Décor de la scène du rêve réalisé par S. Dali
The House Of Doctor Edwardes F.
Beeding (1926)
Musique : Miklos Rozsa
Spellbound ( 1945 ) A. Hitchcock
Lorsqu’en 1945 Alfred Hitchcock eut besoin
d’illustrer la séquence du rêve pour son film :
Spellbound ,il se tourne naturellement vers
Salvador Dali le surréaliste qui avait déjà collaboré
avec Bunuel pour Un chien andalou .Dali réalisa cinq peintures, une centaine s’esquisses et un décor
envahi d’yeux menaçants.
Spellbound est la seule musique que Rózsa écrivit pour Hitchcock qui, curieusement, ne l’appréciait pas outre mesure, ce qui d’ailleurs
n’empêcha pas le compositeur de recevoir, grâce à elle, son premier Oscar pour la meilleure partition originale en 1946 . Dans une interview
accordée à David Kraft en septembre 1982 – Soundtrack! n°3 – le compositeur confiait : « Hitchcock n’aimait pas ma partition pour
Spellbound. Mais j’en ai eu connaissance seulement bien des années plus tard. J’ai eu deux réunions avec lui.

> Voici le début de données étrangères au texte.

(* Let $\mathcal{G}$ be a locally compact étale groupoid acting (on the left) on a topological space $Y$ with anchor map $r_Y\colon Y\to\mathcal{G}^0$, and let $\mathcal{U}\subseteq\mathcal{G}$ be a slice. Let $\vartheta_Y(\mathcal{U})\colon r_Y^{-1}(s(\mathcal{U}))\to r_Y^{-1}(r(\mathcal{U}))$ be the partial homeomorphism $y\mapsto\gamma\cdot y$, where $\gamma\in\mathcal{U}$ is the unique element with $s(\gamma)=r_Y(y)$. Then $\vartheta_Y(\mathcal{U})$ extends uniquely to a partial homeomorphism \[\vartheta_{\beta_{\mathcal{G}^0}Y}(\mathcal{U})\colon(\beta_{\mathcal{G}^0}r_Y)^{-1}(s(\mathcal{U}))\xrightarrow{\sim}(\beta_{\mathcal{G}^0}r_Y)^{-1}(r(\mathcal{U}))\] of $\beta_{\mathcal{G}^0}Y$, where ''extends'' means $\vartheta_{\beta_{\mathcal{G}^0}Y}(\mathcal{U})\circ i_Y=i_Y\circ\vartheta_Y(\mathcal{U})$ for the canonical map $i_Y\colon Y\to\beta_{\mathcal{G}^0}Y$.
   Context: $\mathcal{G}$ is an étale topological groupoid (range and source maps $r,s$ local homeomorphisms) whose object space $\mathcal{G}^0$ is Hausdorff and locally compact. A slice is an open subset $\mathcal{U}\subseteq\mathcal{G}$ on which $s$ and $r$ are injective (hence homeomorphisms onto open subsets of $\mathcal{G}^0$). A partial homeomorphism of a space is a homeomorphism between two open subsets. For a locally compact Hausdorff $B$ and a space $X$ with continuous $r\colon X\to B$, let $H_X\subseteq\mathrm{C_b}(X)$ be the closed linear span of the products $f\cdot(h\circ r)$, $f\in\mathrm{C_b}(X)$, $h\in\mathrm C_0(B)$; the relative Stone--Čech compactification $\beta_BX$ is the spectrum of the commutative C*-algebra $H_X$, $i\colon X\to\beta_BX$ sends $x$ to evaluation at $x$, and $\beta_Br\colon\beta_BX\to B$ is the unique continuous map with $\beta_Br\circ i=r$. Here $B=\mathcal{G}^0$ and $r=r_Y$. *)

From HB Require Import structures.
From mathcomp Require Import all_boot all_order all_algebra.
From mathcomp Require Import all_classical all_reals all_analysis.

Set Implicit Arguments.
Unset Strict Implicit.
Unset Printing Implicit Defensive.

Import Order.TTheory GRing.Theory Num.Theory.
Import numFieldTopology.Exports numFieldNormedType.Exports.
Local Open Scope classical_set_scope.
Local Open Scope ring_scope.

Definition local_homeomorphism (T U : topologicalType) (f : T -> U) : Prop :=
  continuous f /\
  forall x : T, exists V : set T,
    [/\ open V, V x,
        (forall a b, V a -> V b -> f a = f b -> a = b) &
        (forall W : set T, open W -> W `<=` V -> open (f @` W))].

Definition partial_homeo (T : topologicalType) (D E : set T) (f : T -> T) : Prop :=
  [/\ f @` D = E,
      (forall a b, D a -> D b -> f a = f b -> a = b),
      {within D, continuous f} &
      exists g : T -> T,
        [/\ g @` E = D, (forall a, D a -> g (f a) = a),
            (forall b, E b -> f (g b) = b) & {within E, continuous g}]].

(** Arrows [G], objects [O], source [s], range [r], units [u],
    multiplication [mul g h] (meaningful when [s g = r h]), inverse [inv]. *)
Definition is_groupoid (G O : Type) (s r : G -> O) (u : O -> G)
    (mul : G -> G -> G) (inv : G -> G) : Prop :=
  [/\ (forall x, s (u x) = x /\ r (u x) = x),
      (forall g h, s g = r h -> s (mul g h) = s h /\ r (mul g h) = r g),
      (forall g h k, s g = r h -> s h = r k ->
          mul (mul g h) k = mul g (mul h k)),
      (forall g, mul (u (r g)) g = g /\ mul g (u (s g)) = g) &
      (forall g, [/\ s (inv g) = r g, r (inv g) = s g,
                     mul (inv g) g = u (s g) & mul g (inv g) = u (r g)])].

Definition is_lc_etale_groupoid (G O : topologicalType) (s r : G -> O)
    (u : O -> G) (mul : G -> G -> G) (inv : G -> G) : Prop :=
  [/\ is_groupoid s r u mul inv,
      continuous u /\ continuous inv,
      {within [set p : G * G | s p.1 = r p.2], continuous (fun p => mul p.1 p.2)},
      local_homeomorphism s /\ local_homeomorphism r &
      [/\ hausdorff_space O, locally_compact [set: O] & locally_compact [set: G]]].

Lors de la première rencontre,
Hitchcock et Selznick m’ont indiqué qu’ils voulaient un grand thème d’amour et un son étrange pour la paranoïa. Aussi j’ai écrit un thème
d’amour et j’ai dit que je voulais employer le theremin. « Qu’est-ce que c’est ? Cela se mange-t-il ? » Non, cela se joue. « Et comment est le son ?

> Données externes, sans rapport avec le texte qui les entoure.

(* An interval domain D is, up to isomorphism, the set of pairs a <= b of maximal
   elements ordered by reverse inclusion: x ⊑ y iff left x <= left y and
   right y <= right x.  By axiom (iii), directed suprema of intervals with a common
   right endpoint compute suprema in max(D), and axiom (ii) then says that a ≪ b in
   max(D) exactly when the interval [a, b] has an element way above it in D.  This
   condition is symmetric in left and right, so applying the theory to the mirror
   domain (left and right exchanged) yields bicontinuity.  For the topology, the
   elements of D whose endpoints lie way inside a basic subset of an interval-open U
   form a Scott-open set meeting max(D) in U.  This turns interval-open covers of
   [a, b] into Scott-open covers of the maximal elements above [a, b], compact by
   (iv), and shows that restrictions of Scott-continuous maps are interval-continuous. *)

From Stdlib Require Import Classical FunctionalExtensionality PropExtensionality ProofIrrelevance.

Section PosetFacts.
Context {X : Type} {R : X -> X -> Prop} (HR : poset R).

Lemma poset_refl x : R x x.
Proof. exact (proj1 HR x). Qed.

Lemma poset_antisym x y : R x y -> R y x -> x = y.
Proof. exact (proj1 (proj2 HR) x y). Qed.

» Ils n’ont pas été impressionnés. Selznick, qui était un homme très généreux, a dit : « O. K. Pourquoi n’écrivez-vous pas une scène et ne
l’enregistrez-vous pas ? Ainsi nous l’écouterions. Si nous l’aimons, parfait ; sinon, changez-la. » Ainsi j’ai obtenu un grand orchestre, une
scène d’environ trois minutes et demie fut enregistrée (c’était la scène du rasoir) et ce que j’ai su ensuite, c’est qu’ils ont voulu avoir le theremin
partout : au générique du début, dans la scène suivante… »

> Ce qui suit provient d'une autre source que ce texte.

(* Let $V:\Omega\to[1,\infty)$ be measurable, $\varphi$ an admissible rate function, and $S$ a stochastic operator on $\mathcal M_V$. Assume: (1) $S$ satisfies the weak Lyapunov condition for $V,\varphi$: there exist $K>0$ and $0<\varsigma<1$ with $$\|S\mu\|_V+\varsigma\|\mu\|_{\varphi(V)}\le\|\mu\|_V+K\|\mu\|\qquad\text{for all }\mu\in\mathcal M_V;$$ (2) for some integer $N\ge1$, $S^N$ satisfies the local coupling condition for the weight $\varphi(V)$: there exist $0<\gamma_H<1$ and $A>K/\varsigma$ such that for every $\nu\in\mathcal N_{\varphi(V)}$ with $\|\nu\|_{\varphi(V)}\le A\|\nu\|$ one has $\|S^N\nu\|\le\gamma_H\|\nu\|$. Set $\beta:=(1-\gamma_H)/(KN)$, $\alpha:=\beta(\varsigma-K/A)>0$ and $|||\mu|||_V:=\|\mu\|+\beta\|\mu\|_V$ for $\mu\in\mathcal M_V$. Then for every $\nu\in\mathcal N_V$ there exists an integer $n$ with $N\le n\le 2N-1$ such that $$|||S^n\nu|||_V+\alpha\sum_{k=0}^{n-1}\|S^k\nu\|_{\varphi(V)}\le|||\nu|||_V .$$
   Context: Let $(\Omega,\mathcal E)$ be a measurable space. $\mathcal M$ denotes the space of finite signed measures on $\Omega$, $\mathcal P\subset\mathcal M$ the set of probability measures, and $\mathcal N=\{\nu\in\mathcal M:\nu(\Omega)=0\}$. For $\mu\in\mathcal M$ with Hahn–Jordan decomposition $\mu=\mu_+-\mu_-$, $|\mu|=\mu_++\mu_-$ and $\|\mu\|=\int_\Omega d|\mu|$ is the total variation norm. For a measurable $W:\Omega\to[1,\infty)$, $\|\mu\|_W=\int_\Omega W\,d|\mu|$, $\mathcal M_W=\{\mu\in\mathcal M:\|\mu\|_W<\infty\}$, $\mathcal P_W=\mathcal P\cap\mathcal M_W$, $\mathcal N_W=\mathcal N\cap\mathcal M_W$. A stochastic operator is a linear map $S:\mathcal M\to\mathcal M$ with $S(\mathcal P)\subseteq\mathcal P$; it is a stochastic operator on $\mathcal M_W$ if moreover $S(\mathcal M_W)\subseteq\mathcal M_W$ and the restriction is bounded for $\|\cdot\|_W$. An admissible rate function is a concave function $\varphi:[1,\infty)\to[1,\infty)$ with $\varphi(1)=1$ and $\varphi(v)/v\to0$ as $v\to\infty$; $\varphi(V)$ denotes the composition $\varphi\circ V$. *)

From HB Require Import structures.
From mathcomp Require Import all_boot all_order all_algebra.
From mathcomp Require Import all_classical all_reals all_analysis.
Set Implicit Arguments. Unset Strict Implicit. Unset Printing Implicit Defensive.
Import Order.TTheory GRing.Theory Num.Theory.
Import numFieldNormedType.Exports.
Local Open Scope classical_set_scope.
Local Open Scope ring_scope.

(* Finite signed measures on (T, measurable) are the charges of
   MathComp-Analysis: {charge set T -> \bar R}. *)

Section SignedMeasures.
Context {R : realType} (d : measure_display) (T : measurableType d).

Definition hahn_sets (mu : {charge set T -> \bar R}) : set T * set T :=
  let P := sval (cid (Hahn_decomposition mu)) in
  let N := sval (cid (svalP (cid (Hahn_decomposition mu)))) in (P, N).

Lemma hahn_setsP (mu : {charge set T -> \bar R}) :
  hahn_decomposition mu (hahn_sets mu).1 (hahn_sets mu).2.
Proof. exact: (svalP (cid (svalP (cid (Hahn_decomposition mu))))). Qed.

Definition tv (mu : {charge set T -> \bar R}) : {measure set T -> \bar R} :=
  charge_variation (hahn_setsP mu).

Definition tvnorm (mu : {charge set T -> \bar R}) : R := fine (tv mu setT).

Definition wnorm (W : T -> R) (mu : {charge set T -> \bar R}) : \bar R :=
  (\int[tv mu]_x (W x)%:E)%E.

Definition in_MW (W : T -> R) (mu : {charge set T -> \bar R}) : Prop :=
  (wnorm W mu < +oo)%E.

Definition is_prob (mu : {charge set T -> \bar R}) : Prop :=
  (forall A, measurable A -> (0 <= mu A)%E) /\ mu setT = 1%E.

Definition is_null_mass (mu : {charge set T -> \bar R}) : Prop :=
  mu setT = 0%E.

(* linear map M -> M (equality of charges as set functions on measurable sets) *)
Definition is_linear_op (S : {charge set T -> \bar R} -> {charge set T -> \bar R}) :=
  forall (a : R) (mu nu : {charge set T -> \bar R}) (A : set T), measurable A ->
    S (cadd (cscale a mu) nu) A = (a%:E * S mu A + S nu A)%E.

Definition stochastic_op S := is_linear_op S /\ forall mu, is_prob mu -> is_prob (S mu).

Definition stochastic_op_on (W : T -> R) S :=
  stochastic_op S /\ (forall mu, in_MW W mu -> in_MW W (S mu)) /\
  exists C : R, forall mu, in_MW W mu -> (wnorm W (S mu) <= C%:E * wnorm W mu)%E.

End SignedMeasures.

Definition admissible_rate {R : realType} (phi : R -> R) : Prop :=
  [/\ (forall x y t, 1 <= x -> 1 <= y -> 0 <= t <= 1 ->
         t * phi x + (1 - t) * phi y <= phi (t * x + (1 - t) * y)),
      (forall v, 1 <= v -> 1 <= phi v),
      phi 1 = 1 &
      (phi v / v) @[v --> +oo] --> 0].

From HB Require Import structures.
From mathcomp Require Import all_boot all_order all_algebra.
From mathcomp Require Import all_classical all_reals all_analysis.
From mathcomp Require Import ring lra zify.
From Stdlib Require Import ProofIrrelevance.
Set Implicit Arguments. Unset Strict Implicit. Unset Printing Implicit Defensive.
Import Order.TTheory GRing.Theory Num.Theory.
Import numFieldNormedType.Exports.
Local Open Scope classical_set_scope.
Local Open Scope ring_scope.

(* Write t_k, v_k, f_k for the total variation, V- and phi(V)-norms of S^k nu.
   The Lyapunov condition telescopes to
     v_n + varsigma sum_{k<n} f_k <= v_0 + K sum_{k<n} t_k.
   Writing mu = a p - b q with p, q probabilities (normalised Jordan parts),
   S mu = a S p - b S q has total variation at most a + b = ||mu|| and the same
   mass as mu; so t_k <= t_0 and every S^k nu stays in N.  Let k0 < N be the
   first index with f_k0 <= A t_k0.  Before k0 the cost K t_k is below
   (K/A) f_k, so varsigma f_k pays for it and leaves alpha/beta f_k; at k0 the
   coupling gives t_{k0+N} <= gamma_H t_0, and the gain (1 - gamma_H) t_0 =
   beta K N t_0 pays for the remaining N steps.  If there is no such k0, n = N
   works and no gain is needed. *)

Section lyapunov_sequences.
Variables (R : realFieldType) (t v f : nat -> R) (K varsigma : R).
Hypothesis lyapunov : forall k, v k.+1 + varsigma * f k <= v k + K * t k.

Lemma lyapunov_telescope n :
  v n + varsigma * \sum_(0 <= k < n) f k <= v 0 + K * \sum_(0 <= k < n) t k.
Proof.
elim: n => [|n IHn]; first by rewrite !big_geq // !mulr0 !addr0.
by rewrite !big_nat_recr //= !mulrDr; have := lyapunov n; lra.
Qed.

Hypotheses (K_gt0 : 0 < K) (f_ge0 : forall k, 0 <= f k).
Hypotheses (t_ge0 : forall k, 0 <= t k) (t_le0 : forall k, t k <= t 0).

Lemma lyapunov_descent (c beta : R) (k0 n : nat) :
  0 <= c -> 0 <= beta -> (forall k, (k < k0)%N -> K * t k < c * f k) ->
  (k0 <= n)%N -> t n + beta * ((n - k0)%:R * (K * t 0)) <= t 0 ->
  t n + beta * v n + beta * (varsigma - c) * \sum_(0 <= k < n) f k
    <= t 0 + beta * v 0.
Proof.
move=> c_ge0 beta_ge0 lt_k0 le_k0n gain.
have cost : \sum_(0 <= k < n) (K * t k - c * f k) <= (n - k0)%:R * (K * t 0).
  rewrite (@big_cat_nat _ _ _ k0) //= -[X in _ <= X]add0r.
  apply: lerD.
    apply: le_trans (ler_sum_nat (G := fun=> 0) _) _; last by rewrite sumr_const_nat mul0rn.
    by move=> k /andP[_ /lt_k0]; lra.
  rewrite mulr_natl -sumr_const_nat; apply: ler_sum_nat => k _.
  have := ler_wpM2l (ltW K_gt0) (t_le0 k); have := mulr_ge0 c_ge0 (f_ge0 k); lra.
move: cost; rewrite sumrB -!mulr_sumr => cost.
have := ler_wpM2l beta_ge0 (lyapunov_telescope n).
have := ler_wpM2l beta_ge0 cost.
set Sf := \sum_(0 <= k < n) f k; set St := \sum_(0 <= k < n) t k.
rewrite !mulrDr ?mulrBr ?mulrBl !mulrA; lra.
Qed.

Constance, médecin dans un asile d'aliénés, tombe amoureuse du nouveau directeur. Cependant, elle s'aperçoit rapidement que l'homme qu'elle aime est
en réalité un malade mental qui se fait passer pour le docteur Edwards. Quand il prend conscience de son amnésie, il croit avoir tué le véritable docteur et s'enfuit de la clinique. Constance le retrouve et le cache chez son vieux
professeur qui va analyser les rêves du malade et trouver l'origine de son déséquilibre.